* _Given information_:
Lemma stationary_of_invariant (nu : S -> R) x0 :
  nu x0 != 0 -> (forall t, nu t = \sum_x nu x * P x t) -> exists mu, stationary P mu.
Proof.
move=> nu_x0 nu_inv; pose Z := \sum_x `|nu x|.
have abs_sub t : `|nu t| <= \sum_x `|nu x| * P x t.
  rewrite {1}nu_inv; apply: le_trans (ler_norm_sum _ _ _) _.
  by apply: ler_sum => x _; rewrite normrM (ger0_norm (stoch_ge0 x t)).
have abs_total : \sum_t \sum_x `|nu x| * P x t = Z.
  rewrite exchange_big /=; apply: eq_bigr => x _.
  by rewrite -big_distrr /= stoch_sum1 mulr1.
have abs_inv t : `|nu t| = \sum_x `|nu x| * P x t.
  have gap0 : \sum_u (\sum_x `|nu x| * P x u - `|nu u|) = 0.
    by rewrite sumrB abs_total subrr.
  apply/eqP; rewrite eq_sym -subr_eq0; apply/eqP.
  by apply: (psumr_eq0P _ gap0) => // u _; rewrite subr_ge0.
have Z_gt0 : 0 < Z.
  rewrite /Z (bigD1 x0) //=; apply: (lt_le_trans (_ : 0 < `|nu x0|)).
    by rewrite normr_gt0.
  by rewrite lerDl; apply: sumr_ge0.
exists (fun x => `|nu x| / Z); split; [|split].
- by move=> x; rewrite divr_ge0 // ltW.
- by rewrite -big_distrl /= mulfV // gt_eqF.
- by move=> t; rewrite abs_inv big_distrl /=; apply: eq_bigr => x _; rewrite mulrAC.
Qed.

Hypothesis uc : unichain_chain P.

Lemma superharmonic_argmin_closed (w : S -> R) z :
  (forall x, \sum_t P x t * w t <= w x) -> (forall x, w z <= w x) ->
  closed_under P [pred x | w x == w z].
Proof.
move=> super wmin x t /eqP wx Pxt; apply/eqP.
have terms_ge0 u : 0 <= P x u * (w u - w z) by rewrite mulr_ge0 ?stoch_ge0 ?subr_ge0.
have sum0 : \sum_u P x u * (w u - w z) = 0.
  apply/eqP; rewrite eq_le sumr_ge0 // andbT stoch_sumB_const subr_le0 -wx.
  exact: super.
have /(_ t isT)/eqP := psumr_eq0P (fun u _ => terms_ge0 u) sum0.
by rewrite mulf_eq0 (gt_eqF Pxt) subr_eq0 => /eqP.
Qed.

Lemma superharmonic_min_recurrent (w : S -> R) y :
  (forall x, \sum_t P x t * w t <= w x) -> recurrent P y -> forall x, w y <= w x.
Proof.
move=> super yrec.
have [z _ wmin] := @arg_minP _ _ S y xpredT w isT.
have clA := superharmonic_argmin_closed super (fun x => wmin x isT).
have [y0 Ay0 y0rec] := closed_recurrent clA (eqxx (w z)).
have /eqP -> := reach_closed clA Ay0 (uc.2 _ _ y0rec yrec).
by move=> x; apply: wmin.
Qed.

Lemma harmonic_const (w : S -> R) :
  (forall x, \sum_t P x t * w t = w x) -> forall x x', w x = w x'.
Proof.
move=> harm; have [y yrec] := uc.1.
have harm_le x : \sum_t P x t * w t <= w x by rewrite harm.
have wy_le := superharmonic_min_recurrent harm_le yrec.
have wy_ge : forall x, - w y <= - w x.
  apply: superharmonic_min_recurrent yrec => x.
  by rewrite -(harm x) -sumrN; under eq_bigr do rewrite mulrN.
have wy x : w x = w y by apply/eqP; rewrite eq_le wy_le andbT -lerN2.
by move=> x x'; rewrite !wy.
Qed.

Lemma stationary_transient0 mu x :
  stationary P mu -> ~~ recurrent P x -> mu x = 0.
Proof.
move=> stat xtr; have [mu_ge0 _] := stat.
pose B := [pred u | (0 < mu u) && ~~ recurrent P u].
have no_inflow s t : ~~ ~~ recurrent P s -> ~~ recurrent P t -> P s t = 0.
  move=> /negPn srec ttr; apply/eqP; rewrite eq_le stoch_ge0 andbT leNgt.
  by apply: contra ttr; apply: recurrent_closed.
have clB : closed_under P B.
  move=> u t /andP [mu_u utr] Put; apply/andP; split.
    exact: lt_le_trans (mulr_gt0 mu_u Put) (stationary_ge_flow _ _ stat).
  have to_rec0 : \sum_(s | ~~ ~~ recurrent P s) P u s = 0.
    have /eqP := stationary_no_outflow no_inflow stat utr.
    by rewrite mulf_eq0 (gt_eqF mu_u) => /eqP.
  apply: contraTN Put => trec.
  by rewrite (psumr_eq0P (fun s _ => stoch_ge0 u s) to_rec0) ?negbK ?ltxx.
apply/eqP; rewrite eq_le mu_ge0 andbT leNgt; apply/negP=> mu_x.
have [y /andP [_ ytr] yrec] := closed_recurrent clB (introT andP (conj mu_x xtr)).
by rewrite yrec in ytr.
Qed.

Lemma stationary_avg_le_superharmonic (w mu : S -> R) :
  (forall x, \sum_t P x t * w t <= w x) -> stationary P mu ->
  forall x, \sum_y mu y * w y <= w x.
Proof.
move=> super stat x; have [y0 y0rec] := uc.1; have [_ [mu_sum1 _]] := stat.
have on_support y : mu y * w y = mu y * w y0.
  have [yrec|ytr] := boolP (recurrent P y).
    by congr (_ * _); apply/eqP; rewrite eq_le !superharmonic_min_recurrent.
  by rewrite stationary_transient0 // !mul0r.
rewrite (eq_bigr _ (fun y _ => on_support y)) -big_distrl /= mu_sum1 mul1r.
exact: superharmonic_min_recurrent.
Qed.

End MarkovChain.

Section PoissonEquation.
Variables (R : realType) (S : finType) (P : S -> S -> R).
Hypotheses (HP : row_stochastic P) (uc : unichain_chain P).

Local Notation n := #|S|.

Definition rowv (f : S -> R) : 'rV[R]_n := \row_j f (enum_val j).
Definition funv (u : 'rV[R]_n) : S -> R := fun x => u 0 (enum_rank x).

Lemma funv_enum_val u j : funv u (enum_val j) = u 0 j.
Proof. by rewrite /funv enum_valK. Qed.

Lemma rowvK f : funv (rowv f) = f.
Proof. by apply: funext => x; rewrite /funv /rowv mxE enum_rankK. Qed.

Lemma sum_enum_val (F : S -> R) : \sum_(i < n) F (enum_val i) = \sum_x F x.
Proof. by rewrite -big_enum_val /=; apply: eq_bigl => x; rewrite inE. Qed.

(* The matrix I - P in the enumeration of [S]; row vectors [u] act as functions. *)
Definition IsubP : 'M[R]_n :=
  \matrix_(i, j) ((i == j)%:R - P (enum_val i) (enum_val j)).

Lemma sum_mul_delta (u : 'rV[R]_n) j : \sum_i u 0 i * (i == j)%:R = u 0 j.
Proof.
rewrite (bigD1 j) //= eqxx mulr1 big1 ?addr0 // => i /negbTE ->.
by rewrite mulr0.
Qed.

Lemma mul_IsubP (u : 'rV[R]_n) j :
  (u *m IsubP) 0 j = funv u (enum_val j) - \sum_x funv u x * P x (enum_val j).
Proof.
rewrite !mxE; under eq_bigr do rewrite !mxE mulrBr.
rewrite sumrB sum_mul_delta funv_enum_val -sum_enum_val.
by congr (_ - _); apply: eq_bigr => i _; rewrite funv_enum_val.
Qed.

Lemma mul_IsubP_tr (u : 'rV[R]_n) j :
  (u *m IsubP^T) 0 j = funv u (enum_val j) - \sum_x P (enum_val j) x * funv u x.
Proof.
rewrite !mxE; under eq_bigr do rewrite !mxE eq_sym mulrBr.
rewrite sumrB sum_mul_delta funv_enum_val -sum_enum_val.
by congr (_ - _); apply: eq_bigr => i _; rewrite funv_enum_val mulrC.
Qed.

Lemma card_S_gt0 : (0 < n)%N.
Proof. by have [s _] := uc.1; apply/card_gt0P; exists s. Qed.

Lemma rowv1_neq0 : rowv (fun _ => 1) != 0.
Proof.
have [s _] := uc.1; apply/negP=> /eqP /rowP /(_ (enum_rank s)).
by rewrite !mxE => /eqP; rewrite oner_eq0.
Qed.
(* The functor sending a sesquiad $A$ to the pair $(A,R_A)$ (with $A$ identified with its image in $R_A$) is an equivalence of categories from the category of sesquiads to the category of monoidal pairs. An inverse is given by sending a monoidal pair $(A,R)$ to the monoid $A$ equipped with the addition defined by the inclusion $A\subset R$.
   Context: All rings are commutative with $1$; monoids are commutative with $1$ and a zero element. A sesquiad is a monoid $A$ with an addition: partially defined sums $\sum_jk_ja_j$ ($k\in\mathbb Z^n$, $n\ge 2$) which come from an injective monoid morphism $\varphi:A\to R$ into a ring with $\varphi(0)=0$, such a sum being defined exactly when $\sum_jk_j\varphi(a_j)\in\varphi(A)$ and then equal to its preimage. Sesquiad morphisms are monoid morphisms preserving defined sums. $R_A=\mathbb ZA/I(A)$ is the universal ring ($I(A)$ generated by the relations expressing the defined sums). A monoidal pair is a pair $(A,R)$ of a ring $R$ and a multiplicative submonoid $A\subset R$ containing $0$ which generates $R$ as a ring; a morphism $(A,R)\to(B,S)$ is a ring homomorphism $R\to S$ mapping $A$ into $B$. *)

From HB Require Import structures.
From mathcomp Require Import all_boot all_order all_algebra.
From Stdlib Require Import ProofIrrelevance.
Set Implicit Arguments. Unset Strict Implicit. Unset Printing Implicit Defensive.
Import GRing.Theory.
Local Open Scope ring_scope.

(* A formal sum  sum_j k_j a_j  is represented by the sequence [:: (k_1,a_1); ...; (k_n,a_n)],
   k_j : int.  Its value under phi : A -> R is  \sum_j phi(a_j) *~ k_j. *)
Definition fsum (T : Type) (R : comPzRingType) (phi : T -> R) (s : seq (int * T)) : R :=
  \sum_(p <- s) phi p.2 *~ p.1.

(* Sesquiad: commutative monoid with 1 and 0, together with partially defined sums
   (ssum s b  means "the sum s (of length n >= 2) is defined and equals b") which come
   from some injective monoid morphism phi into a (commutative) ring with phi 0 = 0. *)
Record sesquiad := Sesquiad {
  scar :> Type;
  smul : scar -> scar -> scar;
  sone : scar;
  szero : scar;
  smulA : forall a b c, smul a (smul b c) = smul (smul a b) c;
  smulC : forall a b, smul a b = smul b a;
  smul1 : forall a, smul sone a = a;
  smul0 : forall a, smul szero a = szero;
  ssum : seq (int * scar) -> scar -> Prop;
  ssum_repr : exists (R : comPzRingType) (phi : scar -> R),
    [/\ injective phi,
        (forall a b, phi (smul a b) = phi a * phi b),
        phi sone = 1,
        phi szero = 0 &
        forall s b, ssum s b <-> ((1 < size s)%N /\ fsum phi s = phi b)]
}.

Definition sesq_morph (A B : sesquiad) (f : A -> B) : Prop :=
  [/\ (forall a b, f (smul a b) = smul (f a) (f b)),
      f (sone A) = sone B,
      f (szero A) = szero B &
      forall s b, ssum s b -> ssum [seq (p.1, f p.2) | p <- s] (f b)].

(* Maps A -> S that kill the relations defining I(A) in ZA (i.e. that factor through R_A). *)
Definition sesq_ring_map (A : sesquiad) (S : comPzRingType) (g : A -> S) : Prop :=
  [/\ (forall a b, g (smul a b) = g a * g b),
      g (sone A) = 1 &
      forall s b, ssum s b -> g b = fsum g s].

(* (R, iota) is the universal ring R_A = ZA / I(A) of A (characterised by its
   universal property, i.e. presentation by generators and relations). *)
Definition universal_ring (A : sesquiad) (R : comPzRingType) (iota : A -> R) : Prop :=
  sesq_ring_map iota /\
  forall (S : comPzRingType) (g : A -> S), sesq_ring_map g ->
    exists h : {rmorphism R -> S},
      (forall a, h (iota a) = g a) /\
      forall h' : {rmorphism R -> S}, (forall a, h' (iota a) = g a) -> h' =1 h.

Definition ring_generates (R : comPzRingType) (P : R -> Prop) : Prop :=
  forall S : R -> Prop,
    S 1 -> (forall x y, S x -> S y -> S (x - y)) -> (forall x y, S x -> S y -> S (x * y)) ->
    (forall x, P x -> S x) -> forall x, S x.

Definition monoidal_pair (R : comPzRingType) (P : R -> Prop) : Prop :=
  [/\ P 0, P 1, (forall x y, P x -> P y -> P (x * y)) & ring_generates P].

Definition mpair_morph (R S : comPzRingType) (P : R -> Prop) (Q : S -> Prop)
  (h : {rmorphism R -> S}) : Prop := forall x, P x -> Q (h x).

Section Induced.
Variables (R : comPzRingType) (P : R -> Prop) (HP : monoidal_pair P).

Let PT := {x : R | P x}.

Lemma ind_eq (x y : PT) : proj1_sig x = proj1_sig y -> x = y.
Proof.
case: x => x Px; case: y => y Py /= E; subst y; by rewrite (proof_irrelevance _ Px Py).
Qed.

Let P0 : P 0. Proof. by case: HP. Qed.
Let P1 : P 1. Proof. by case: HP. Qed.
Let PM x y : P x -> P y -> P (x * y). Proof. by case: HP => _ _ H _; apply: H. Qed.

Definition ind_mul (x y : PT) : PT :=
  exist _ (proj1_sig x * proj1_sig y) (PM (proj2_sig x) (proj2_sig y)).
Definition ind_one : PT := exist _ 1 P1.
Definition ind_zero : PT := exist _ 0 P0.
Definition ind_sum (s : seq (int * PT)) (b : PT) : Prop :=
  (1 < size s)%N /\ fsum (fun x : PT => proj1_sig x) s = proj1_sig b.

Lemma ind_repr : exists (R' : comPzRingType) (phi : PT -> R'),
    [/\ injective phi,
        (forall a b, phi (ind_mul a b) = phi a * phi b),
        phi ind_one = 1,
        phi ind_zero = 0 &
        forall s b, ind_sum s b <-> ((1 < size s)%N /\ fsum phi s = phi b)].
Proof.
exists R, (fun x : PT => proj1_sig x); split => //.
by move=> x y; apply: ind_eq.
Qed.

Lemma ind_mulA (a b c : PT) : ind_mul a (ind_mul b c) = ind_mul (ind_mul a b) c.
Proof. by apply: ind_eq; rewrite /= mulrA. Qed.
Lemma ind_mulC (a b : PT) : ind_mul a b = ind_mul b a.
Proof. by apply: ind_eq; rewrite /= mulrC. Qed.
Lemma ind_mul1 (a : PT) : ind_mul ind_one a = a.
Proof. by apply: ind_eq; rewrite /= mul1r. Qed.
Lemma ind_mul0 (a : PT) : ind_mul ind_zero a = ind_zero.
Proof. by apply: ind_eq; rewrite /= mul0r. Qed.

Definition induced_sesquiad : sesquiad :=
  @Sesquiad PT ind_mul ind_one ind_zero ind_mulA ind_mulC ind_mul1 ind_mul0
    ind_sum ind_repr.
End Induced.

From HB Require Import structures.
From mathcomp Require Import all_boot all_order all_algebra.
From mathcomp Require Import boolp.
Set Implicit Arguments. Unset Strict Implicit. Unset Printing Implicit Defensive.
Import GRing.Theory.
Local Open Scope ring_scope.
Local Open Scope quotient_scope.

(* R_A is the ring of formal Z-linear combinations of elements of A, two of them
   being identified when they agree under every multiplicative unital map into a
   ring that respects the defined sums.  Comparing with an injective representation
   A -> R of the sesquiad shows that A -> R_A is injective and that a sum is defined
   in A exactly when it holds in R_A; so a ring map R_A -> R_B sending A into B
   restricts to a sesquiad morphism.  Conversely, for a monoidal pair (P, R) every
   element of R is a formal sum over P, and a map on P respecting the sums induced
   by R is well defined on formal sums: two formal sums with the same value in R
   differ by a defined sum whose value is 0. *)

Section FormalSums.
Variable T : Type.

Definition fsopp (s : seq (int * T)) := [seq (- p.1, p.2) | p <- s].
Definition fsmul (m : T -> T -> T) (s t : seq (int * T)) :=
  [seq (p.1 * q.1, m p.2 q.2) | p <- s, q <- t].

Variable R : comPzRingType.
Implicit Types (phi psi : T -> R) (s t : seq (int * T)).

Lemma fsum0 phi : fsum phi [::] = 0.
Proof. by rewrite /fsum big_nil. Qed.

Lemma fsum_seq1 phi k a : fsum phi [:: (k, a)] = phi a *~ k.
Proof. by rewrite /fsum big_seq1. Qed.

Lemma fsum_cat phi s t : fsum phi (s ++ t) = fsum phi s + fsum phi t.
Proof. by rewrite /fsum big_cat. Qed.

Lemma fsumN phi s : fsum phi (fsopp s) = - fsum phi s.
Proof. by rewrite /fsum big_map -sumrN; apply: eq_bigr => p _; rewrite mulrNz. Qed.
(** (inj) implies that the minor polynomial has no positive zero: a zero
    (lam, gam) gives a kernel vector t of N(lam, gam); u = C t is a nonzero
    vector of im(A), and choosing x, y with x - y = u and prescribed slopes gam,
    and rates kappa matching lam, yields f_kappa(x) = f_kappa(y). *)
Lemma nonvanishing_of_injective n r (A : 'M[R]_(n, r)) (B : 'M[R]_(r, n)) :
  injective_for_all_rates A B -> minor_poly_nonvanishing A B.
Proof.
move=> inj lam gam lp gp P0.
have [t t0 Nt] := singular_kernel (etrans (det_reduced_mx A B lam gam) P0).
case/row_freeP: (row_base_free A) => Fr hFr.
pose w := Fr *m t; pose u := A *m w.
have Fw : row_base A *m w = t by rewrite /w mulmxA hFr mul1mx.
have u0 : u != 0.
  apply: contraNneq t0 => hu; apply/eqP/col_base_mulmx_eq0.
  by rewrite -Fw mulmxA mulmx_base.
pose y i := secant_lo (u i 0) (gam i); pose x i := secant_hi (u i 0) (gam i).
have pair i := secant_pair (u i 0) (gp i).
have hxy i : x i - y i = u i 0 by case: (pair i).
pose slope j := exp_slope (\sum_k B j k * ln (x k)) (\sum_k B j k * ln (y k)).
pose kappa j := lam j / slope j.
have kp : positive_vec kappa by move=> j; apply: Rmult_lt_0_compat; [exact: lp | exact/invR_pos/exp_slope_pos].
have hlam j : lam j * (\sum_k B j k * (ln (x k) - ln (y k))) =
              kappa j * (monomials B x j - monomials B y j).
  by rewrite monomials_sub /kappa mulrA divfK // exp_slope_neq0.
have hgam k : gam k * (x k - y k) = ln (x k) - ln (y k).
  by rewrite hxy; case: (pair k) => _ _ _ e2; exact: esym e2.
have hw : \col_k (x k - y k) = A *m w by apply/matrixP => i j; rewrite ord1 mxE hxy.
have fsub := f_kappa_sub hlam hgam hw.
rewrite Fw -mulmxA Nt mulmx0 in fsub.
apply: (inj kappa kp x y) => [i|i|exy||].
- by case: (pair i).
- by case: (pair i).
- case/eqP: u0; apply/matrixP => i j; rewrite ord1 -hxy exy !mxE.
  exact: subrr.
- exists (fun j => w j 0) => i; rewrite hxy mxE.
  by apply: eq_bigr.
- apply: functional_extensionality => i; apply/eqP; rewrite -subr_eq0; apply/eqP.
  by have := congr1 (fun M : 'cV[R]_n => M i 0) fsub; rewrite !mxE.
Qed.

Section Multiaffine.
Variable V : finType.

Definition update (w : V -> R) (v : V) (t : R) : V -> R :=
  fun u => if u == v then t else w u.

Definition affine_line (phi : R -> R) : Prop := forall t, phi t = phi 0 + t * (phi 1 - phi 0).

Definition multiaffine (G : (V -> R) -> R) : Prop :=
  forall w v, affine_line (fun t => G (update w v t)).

* _Exercise requirements_: Look above for the line holding "Lemma ind_mul0 (a". Print it and every line after it, exactly, through the line holding "ring that respects".

* _Solution_:
Lemma ind_mul0 (a : PT) : ind_mul ind_zero a = ind_zero.
Proof. by apply: ind_eq; rewrite /= mul0r. Qed.

Definition induced_sesquiad : sesquiad :=
  @Sesquiad PT ind_mul ind_one ind_zero ind_mulA ind_mulC ind_mul1 ind_mul0
    ind_sum ind_repr.
End Induced.

From HB Require Import structures.
From mathcomp Require Import all_boot all_order all_algebra.
From mathcomp Require Import boolp.
Set Implicit Arguments. Unset Strict Implicit. Unset Printing Implicit Defensive.
Import GRing.Theory.
Local Open Scope ring_scope.
Local Open Scope quotient_scope.

(* R_A is the ring of formal Z-linear combinations of elements of A, two of them
   being identified when they agree under every multiplicative unital map into a
   ring that respects the defined sums.  Comparing with an injective representation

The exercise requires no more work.